For example, juries determine the type and quantity of
narcotics, whether certain violent crimes result in serious
bodily injury or death, or whether a dangerous weapon was used
to commit a bank robbery. I tried two such cases as a Federal
prosecutor.
If the Court holds the guidelines unconstitutional, then
Congress, with the assistance of the Sentencing Commission,
could designate other factors critical to the sentencing
process that would increase a defendant's sentencing guideline
range and thus require a jury determination beyond a reasonable
doubt. Such factors could include, for example, the amount of
loss in a financial crime case or the number of guns in a gun
trafficking case. Because these facts typically are already
part of the proof in the guilt phase of a criminal trial, I
believe that requiring juries to decide these issues would
require little additional effort on the part of the various
parties to the criminal trial process.
On the other hand, I do not believe that juries should be
called upon to decide the many other factors now contained in
the sentencing guidelines. A single case can give rise to 5,
even 10 or more specific issues under the guidelines, including
alternative base offense levels, specific offense
characteristics, upward adjustments and upward departures.

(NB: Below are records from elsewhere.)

(* Let $\lambda,\lambda_1,\sigma,\sigma_1\in\mathbb{C}^*$ and $\eta,\eta_1\in\mathbb{C}$. Then: (1) $\Omega(\lambda,\eta,\sigma,0)\cong\Omega(\lambda_1,\eta_1,\sigma_1,0)$ as $\mathcal{G}$-modules if and only if $\lambda=\lambda_1,\eta=\eta_1,\sigma=\sigma_1$; (2) $\Omega(\lambda,\eta,0,\sigma)\cong\Omega(\lambda_1,\eta_1,0,\sigma_1)$ if and only if $\lambda=\lambda_1,\eta=\eta_1,\sigma=\sigma_1$; (3) $\Omega(\lambda,\eta,\sigma,0)$ and $\Omega(\lambda_1,\eta_1,0,\sigma_1)$ are not isomorphic.
   Context: $\mathcal{G}$ is the complex Lie algebra with basis $\{L_n,H_n,I_n,J_n,\mathbf{c}_1,\mathbf{c}_2,\mathbf{c}_3: n\in\mathbb{Z}\}$ whose brackets of basis elements are $[L_m,L_n]=(n-m)L_{m+n}+\frac{m^3-m}{12}\delta_{m+n,0}\mathbf{c}_1$, $[L_m,H_n]=nH_{m+n}+m^2\delta_{m+n,0}\mathbf{c}_2$, $[H_m,H_n]=m\delta_{m+n,0}\mathbf{c}_3$, $[L_m,I_n]=(n-m)I_{m+n}$, $[L_m,J_n]=(n-m)J_{m+n}$, $[H_m,I_n]=I_{m+n}$, $[H_m,J_n]=-J_{m+n}$ (and antisymmetric counterparts), all other brackets of basis elements zero. For $\lambda\in\mathbb{C}^*,\eta\in\mathbb{C}$, $\sigma\in\mathbb{C}^*$: $\Omega(\lambda,\eta,\sigma,0)$ is $\mathbb{C}[X,Y]$ with $L_mf(X,Y)=\lambda^mf(X,Y-m)(Y-mX+m\eta)$, $H_mf=\lambda^mXf(X,Y-m)$, $I_mf=\lambda^m\sigma f(X-1,Y-m)$, and $J_m,\mathbf{c}_1,\mathbf{c}_2,\mathbf{c}_3$ acting as $0$; $\Omega(\lambda,\eta,0,\sigma)$ is $\mathbb{C}[X,Y]$ with $L_mf=\lambda^mf(X,Y-m)(Y+mX+m\eta)$, $H_mf=\lambda^mXf(X,Y-m)$, $J_mf=\lambda^m\sigma f(X+1,Y-m)$, and $I_m,\mathbf{c}_1,\mathbf{c}_2,\mathbf{c}_3$ acting as $0$ ($m\in\mathbb{Z}$). *)

From mathcomp Require Import all_boot all_order all_algebra.
From mathcomp.real_closed Require Import complex.
From mathcomp Require Import Rstruct.
Set Implicit Arguments. Unset Strict Implicit. Unset Printing Implicit Defensive.
Import Order.TTheory GRing.Theory Num.Theory.
Local Open Scope ring_scope.

Notation C := (Rdefinitions.R)[i].

Inductive Gbasis : Type :=
| Lb of int | Hb of int | Ib of int | Jb of int | c1b | c2b | c3b.

(* C[X,Y] is represented as {poly {poly C}}: the outer variable is Y,
   the inner (coefficient) variable is X. *)
Definition CXY := {poly {poly C}}.
Definition varY : CXY := 'X.
Definition varX : CXY := ('X)%:P.
Definition cst (a : C) : CXY := a%:P%:P.

(* shift a b f = f(X - a, Y - b) *)
Definition shift (a b : C) (f : CXY) : CXY :=
  (map_poly (fun c : {poly C} => c \Po ('X - a%:P)) f) \Po ('X - (b%:P)%:P).

(* Omega(lam, eta, sig, 0) : action of basis elements on C[X,Y]. *)
Definition OmegaI (lam eta sig : C) (b : Gbasis) (f : CXY) : CXY :=
  match b with
  | Lb m => cst (lam ^ m) * shift 0 (m%:~R) f
              * (varY - cst (m%:~R) * varX + cst (m%:~R * eta))
  | Hb m => cst (lam ^ m) * varX * shift 0 (m%:~R) f
  | Ib m => cst (lam ^ m * sig) * shift 1 (m%:~R) f
  | _ => 0
  end.

(* Omega(lam, eta, 0, sig) *)
Definition OmegaJ (lam eta sig : C) (b : Gbasis) (f : CXY) : CXY :=
  match b with
  | Lb m => cst (lam ^ m) * shift 0 (m%:~R) f
              * (varY + cst (m%:~R) * varX + cst (m%:~R * eta))
  | Hb m => cst (lam ^ m) * varX * shift 0 (m%:~R) f
  | Jb m => cst (lam ^ m * sig) * shift (-1) (m%:~R) f
  | _ => 0
  end.

(* Two G-module structures on C[X,Y] (given by the action of basis elements,
   extended linearly) are isomorphic iff there is a C-linear bijection
   intertwining the action of every basis element. *)
Definition Gmod_iso (rho1 rho2 : Gbasis -> CXY -> CXY) : Prop :=
  exists phi : CXY -> CXY,
    [/\ (forall (a : C) (f g : CXY), phi (cst a * f + g) = cst a * phi f + phi g),
        bijective phi &
        forall (b : Gbasis) (f : CXY), phi (rho1 b f) = rho2 b (phi f)].

(* In both families H_0 and L_0 act by multiplication by X and by Y, so a
   module isomorphism phi commutes with multiplication by every polynomial,
   i.e. phi f = f * phi 1; bijectivity makes phi 1 a unit of C[X,Y], hence a
   nonzero constant.  Isomorphic modules therefore agree on u . 1 for every
   basis element u, and H_1 . 1 = lam X, L_1 . 1 = lam (Y -+ X + eta) and
   I_0 . 1 = sig (resp. J_0 . 1 = sig) recover the parameters, while I_0
   kills the second family. *)
From mathcomp Require Import ring.
From mathcomp Require Import all_boot all_order all_algebra.
From mathcomp.real_closed Require Import complex.
From mathcomp Require Import Rstruct.
Set Implicit Arguments. Unset Strict Implicit. Unset Printing Implicit Defensive.
Import GRing.Theory.
Local Open Scope ring_scope.

Lemma commute_mulXY_is_mul (R : comNzRingType)
    (phi : {poly {poly R}} -> {poly {poly R}}) :
  (forall a f g, phi (a%:P%:P * f + g) = a%:P%:P * phi f + phi g) ->
  (forall f, phi ('X%:P * f) = 'X%:P * phi f) ->
  (forall f, phi (f * 'X) = phi f * 'X) ->
  forall f, phi f = f * phi 1.
Proof.
move=> phi_lin phiX phiY.
have phi0 : phi 0 = 0.
  have := phi_lin 1 0 0; rewrite !polyC1 !mul1r addr0 => /eqP.
  by rewrite -subr_eq subrr eq_sym => /eqP.
have phiD f g : phi (f + g) = phi f + phi g.
  by have := phi_lin 1 f g; rewrite !polyC1 !mul1r.
have phiC a : phi (a%:P%:P) = a%:P%:P * phi 1.
  by have := phi_lin a 1 0; rewrite mulr1 phi0 !addr0.
have phi_cst c : phi c%:P = c%:P * phi 1.
  elim/poly_ind: c => [|c a IH]; first by rewrite phi0 mul0r.
  rewrite polyCD polyCM phiD phiC mulrC phiX IH; ring.
elim/poly_ind=> [|f c IH]; first by rewrite phi0 mul0r.
by rewrite phiD phi_cst phiY IH; ring.
Qed.

Lemma poly2_unit_cst (R : idomainType) (p : {poly {poly R}}) :
  p \is a GRing.unit -> p = (p`_0`_0)%:P%:P.
Proof.
rewrite poly_unitE => /andP[/eqP size_p]; rewrite poly_unitE => /andP[/eqP size_p0 _].
by rewrite -(size1_polyC (eq_leq size_p0)) -(size1_polyC (eq_leq size_p)).
Qed.

Lemma shift_cst a b d : shift a b (cst d) = cst d.
Proof. by rewrite /shift /cst map_polyC /= !comp_polyC. Qed.

Lemma shift1 a b : shift a b 1 = 1.
Proof. by have := shift_cst a b 1; rewrite /cst !polyC1. Qed.

Lemma shift00 f : shift 0 0 f = f.
Proof.
rewrite /shift !polyC0 !subr0 comp_polyXr map_poly_id // => c _.
by rewrite comp_polyXr.
Qed.

Lemma cst0 : cst 0 = 0. Proof. by rewrite /cst !polyC0. Qed.

Lemma cst1 : cst 1 = 1. Proof. by rewrite /cst !polyC1. Qed.

Lemma cst_inj : injective cst.
Proof. by move=> a b /polyC_inj/polyC_inj. Qed.

Lemma cst_eq0 a : (cst a == 0) = (a == 0).
Proof. by rewrite !polyC_eq0. Qed.

Lemma varX_neq0 : varX != 0.
Proof. by rewrite polyC_eq0 polyX_eq0. Qed.

Definition Cartan_regular (rho : Gbasis -> CXY -> CXY) : Prop :=
  (forall f, rho (Hb 0) f = varX * f) /\ (forall f, rho (Lb 0) f = f * varY).

Section IsoOfCartanRegular.

Variables rho1 rho2 : Gbasis -> CXY -> CXY.
Hypothesis rho1_regular : Cartan_regular rho1.
Hypothesis rho2_regular : Cartan_regular rho2.
Hypothesis rho2_cst : forall b d, rho2 b (cst d) = cst d * rho2 b 1.

Lemma Gmod_iso_act1 : Gmod_iso rho1 rho2 -> forall b, rho1 b 1 = rho2 b 1.
Proof.
case: rho1_regular rho2_regular => [rho1_H0 rho1_L0] [rho2_H0 rho2_L0].
case=> phi [phi_lin [psi phiK psiK] phi_act] b.
have phi_mul f : phi f = f * phi 1.
  apply: commute_mulXY_is_mul => // g.
  - by rewrite -rho1_H0 phi_act rho2_H0.
  - by rewrite -rho1_L0 phi_act rho2_L0.
have phi1_unit : phi 1 \is a GRing.unit.
  by apply/unitrPr; exists (psi 1); rewrite mulrC -phi_mul psiK.
have [d phi1_cst] : exists d, phi 1 = cst d.
  by exists (phi 1)`_0`_0; apply: poly2_unit_cst.
have := phi_act b 1; rewrite phi_mul phi1_cst => act.
apply: (@mulrI _ (cst d)); first by rewrite -phi1_cst.
by rewrite mulrC act; apply: rho2_cst.
Qed.

End IsoOfCartanRegular.

Lemma OmegaI_regular lam eta sig : Cartan_regular (OmegaI lam eta sig).
Proof.
split=> f; rewrite /OmegaI expr0z shift00 cst1.
- by rewrite mul1r.
- by rewrite mulr0z (mul0r eta) cst0; ring.
Qed.

Lemma OmegaJ_regular lam eta sig : Cartan_regular (OmegaJ lam eta sig).
Proof.
split=> f; rewrite /OmegaJ expr0z shift00 cst1.
- by rewrite mul1r.
- by rewrite mulr0z (mul0r eta) cst0; ring.
Qed.

(* The [in LHS]/[in RHS] restrictions keep rewrite from trying to unify the
   polynomial 1 with [cst ?d], which is correct but extremely slow. *)
Lemma OmegaI_cst lam eta sig b d :
  OmegaI lam eta sig b (cst d) = cst d * OmegaI lam eta sig b 1.
Proof.
by case: b => [m|m|m|m|||]; rewrite /OmegaI ?[in LHS]shift_cst ?[in RHS]shift1; ring.
Qed.

Lemma OmegaJ_cst lam eta sig b d :
  OmegaJ lam eta sig b (cst d) = cst d * OmegaJ lam eta sig b 1.
Proof.
by case: b => [m|m|m|m|||]; rewrite /OmegaJ ?[in LHS]shift_cst ?[in RHS]shift1; ring.
Qed.

Lemma OmegaI_H1 (lam eta sig : C) : OmegaI lam eta sig (Hb 1) 1 = cst lam * varX.
Proof. by rewrite /OmegaI shift1 expr1z mulr1. Qed.

Lemma OmegaI_I0 (lam eta sig : C) : OmegaI lam eta sig (Ib 0) 1 = cst sig.
Proof. by rewrite /OmegaI shift1 expr0z mul1r mulr1. Qed.

Lemma OmegaI_L1 (lam eta sig : C) :
  OmegaI lam eta sig (Lb 1) 1 = cst lam * (varY - varX + cst eta).
Proof. by rewrite /OmegaI shift1 expr1z mulr1z (mul1r eta) cst1; ring. Qed.

Lemma OmegaJ_H1 (lam eta sig : C) : OmegaJ lam eta sig (Hb 1) 1 = cst lam * varX.
Proof. by rewrite /OmegaJ shift1 expr1z mulr1. Qed.

Lemma OmegaJ_J0 (lam eta sig : C) : OmegaJ lam eta sig (Jb 0) 1 = cst sig.
Proof. by rewrite /OmegaJ shift1 expr0z mul1r mulr1. Qed.

Lemma OmegaJ_L1 (lam eta sig : C) :
  OmegaJ lam eta sig (Lb 1) 1 = cst lam * (varY + varX + cst eta).
Proof. by rewrite /OmegaJ shift1 expr1z mulr1z (mul1r eta) cst1; ring. Qed.

Lemma OmegaI_act1_inj (lam eta sig lam1 eta1 sig1 : C) : lam != 0 ->
  (forall b, OmegaI lam eta sig b 1 = OmegaI lam1 eta1 sig1 b 1) ->
  [/\ lam = lam1, eta = eta1 & sig = sig1].
Proof.
move=> lam_neq0 act1.
have e_lam : lam = lam1.
  by have := act1 (Hb 1); rewrite !OmegaI_H1 => /(mulIf varX_neq0)/cst_inj.
have e_sig : sig = sig1 by have := act1 (Ib 0); rewrite !OmegaI_I0 => /cst_inj.
have cst_lam_neq0 : cst lam != 0 by rewrite cst_eq0.
split=> //; have := act1 (Lb 1); rewrite !OmegaI_L1 -e_lam.
by move/(mulfI cst_lam_neq0)/addrI/cst_inj.
Qed.

Lemma OmegaJ_act1_inj (lam eta sig lam1 eta1 sig1 : C) : lam != 0 ->
  (forall b, OmegaJ lam eta sig b 1 = OmegaJ lam1 eta1 sig1 b 1) ->
  [/\ lam = lam1, eta = eta1 & sig = sig1].
Proof.
move=> lam_neq0 act1.
have e_lam : lam = lam1.
  by have := act1 (Hb 1); rewrite !OmegaJ_H1 => /(mulIf varX_neq0)/cst_inj.
have e_sig : sig = sig1 by have := act1 (Jb 0); rewrite !OmegaJ_J0 => /cst_inj.
have cst_lam_neq0 : cst lam != 0 by rewrite cst_eq0.
split=> //; have := act1 (Lb 1); rewrite !OmegaJ_L1 -e_lam.
by move/(mulfI cst_lam_neq0)/addrI/cst_inj.
Qed.

Lemma Gmod_iso_refl rho : Gmod_iso rho rho.
Proof. by exists id; split=> //; exists id. Qed.

Theorem corollary4p4 (lam lam1 sig sig1 eta eta1 : C) :
  lam != 0 -> lam1 != 0 -> sig != 0 -> sig1 != 0 ->
  [/\ (Gmod_iso (OmegaI lam eta sig) (OmegaI lam1 eta1 sig1) <->
         [/\ lam = lam1, eta = eta1 & sig = sig1]),
      (Gmod_iso (OmegaJ lam eta sig) (OmegaJ lam1 eta1 sig1) <->
         [/\ lam = lam1, eta = eta1 & sig = sig1]) &
      ~ Gmod_iso (OmegaI lam eta sig) (OmegaJ lam1 eta1 sig1)].
Proof.
move=> lam_neq0 _ sig_neq0 _; split.
- split=> [|[<- <- <-]]; last exact: Gmod_iso_refl.
  move/(Gmod_iso_act1 (OmegaI_regular _ _ _) (OmegaI_regular _ _ _) (@OmegaI_cst _ _ _)).
  exact: OmegaI_act1_inj.
- split=> [|[<- <- <-]]; last exact: Gmod_iso_refl.
  move/(Gmod_iso_act1 (OmegaJ_regular _ _ _) (OmegaJ_regular _ _ _) (@OmegaJ_cst _ _ _)).
  exact: OmegaJ_act1_inj.
- move/(Gmod_iso_act1 (OmegaI_regular _ _ _) (OmegaJ_regular _ _ _) (@OmegaJ_cst _ _ _)).
  move/(_ (Ib 0))/eqP; rewrite OmegaI_I0 cst_eq0.
  exact/negP.
Qed.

Oftentimes, some of these factors are not fully developed
or even known about until just before, during or after the
trial. It is doubtful that a system requiring juries to decide
all of these issues would be workable, let alone desirable.
Instead, sentencing guideline ranges could be calculated
based on the offense of conviction, as well as other critical
factors either found by a jury or admitted by a defendant
during a guilty plea. The size of the guideline ranges could be
broadened to allow judges to take into account all the other
aggravating factors that are relevant to the sentencing
decision, such as role in the offense, the use of a special
skill, or obstruction of the prosecution.
Numerical values could continue to be assigned to these
factors and could serve as non-binding guidance on how these
factors should presumptively be taken into account in
determining the defendant's sentence. This sort of sentencing
system would satisfy several competing objectives.
First, it would preserve substantial uniformity in the
sentencing of similarly situated offenders. Second, it would
preserve the jury's role in determining the basic facts that
are essential to determining maximum punishment. Third, it
would maintain the basic structure of the current guideline
system with relatively narrow ranges of presumptive punishment
for Federal crimes.
Fourth, it would allow for a reasonable degree of judicial
discretion in determining the ultimate sentence. Fifth, it
would be relatively feasible to implement. And, finally, it
would be constitutional, for it would satisfy Blakely's
requirement that factors that increase a defendant's maximum
punishment be proven to a jury beyond a reasonable doubt.
Thank you.
[The prepared statement of Mr. Vinegrad appears as a
submission for the record.]
Senator Sessions. Thank you. That was a very thoughtful
discussion and I appreciate it very much.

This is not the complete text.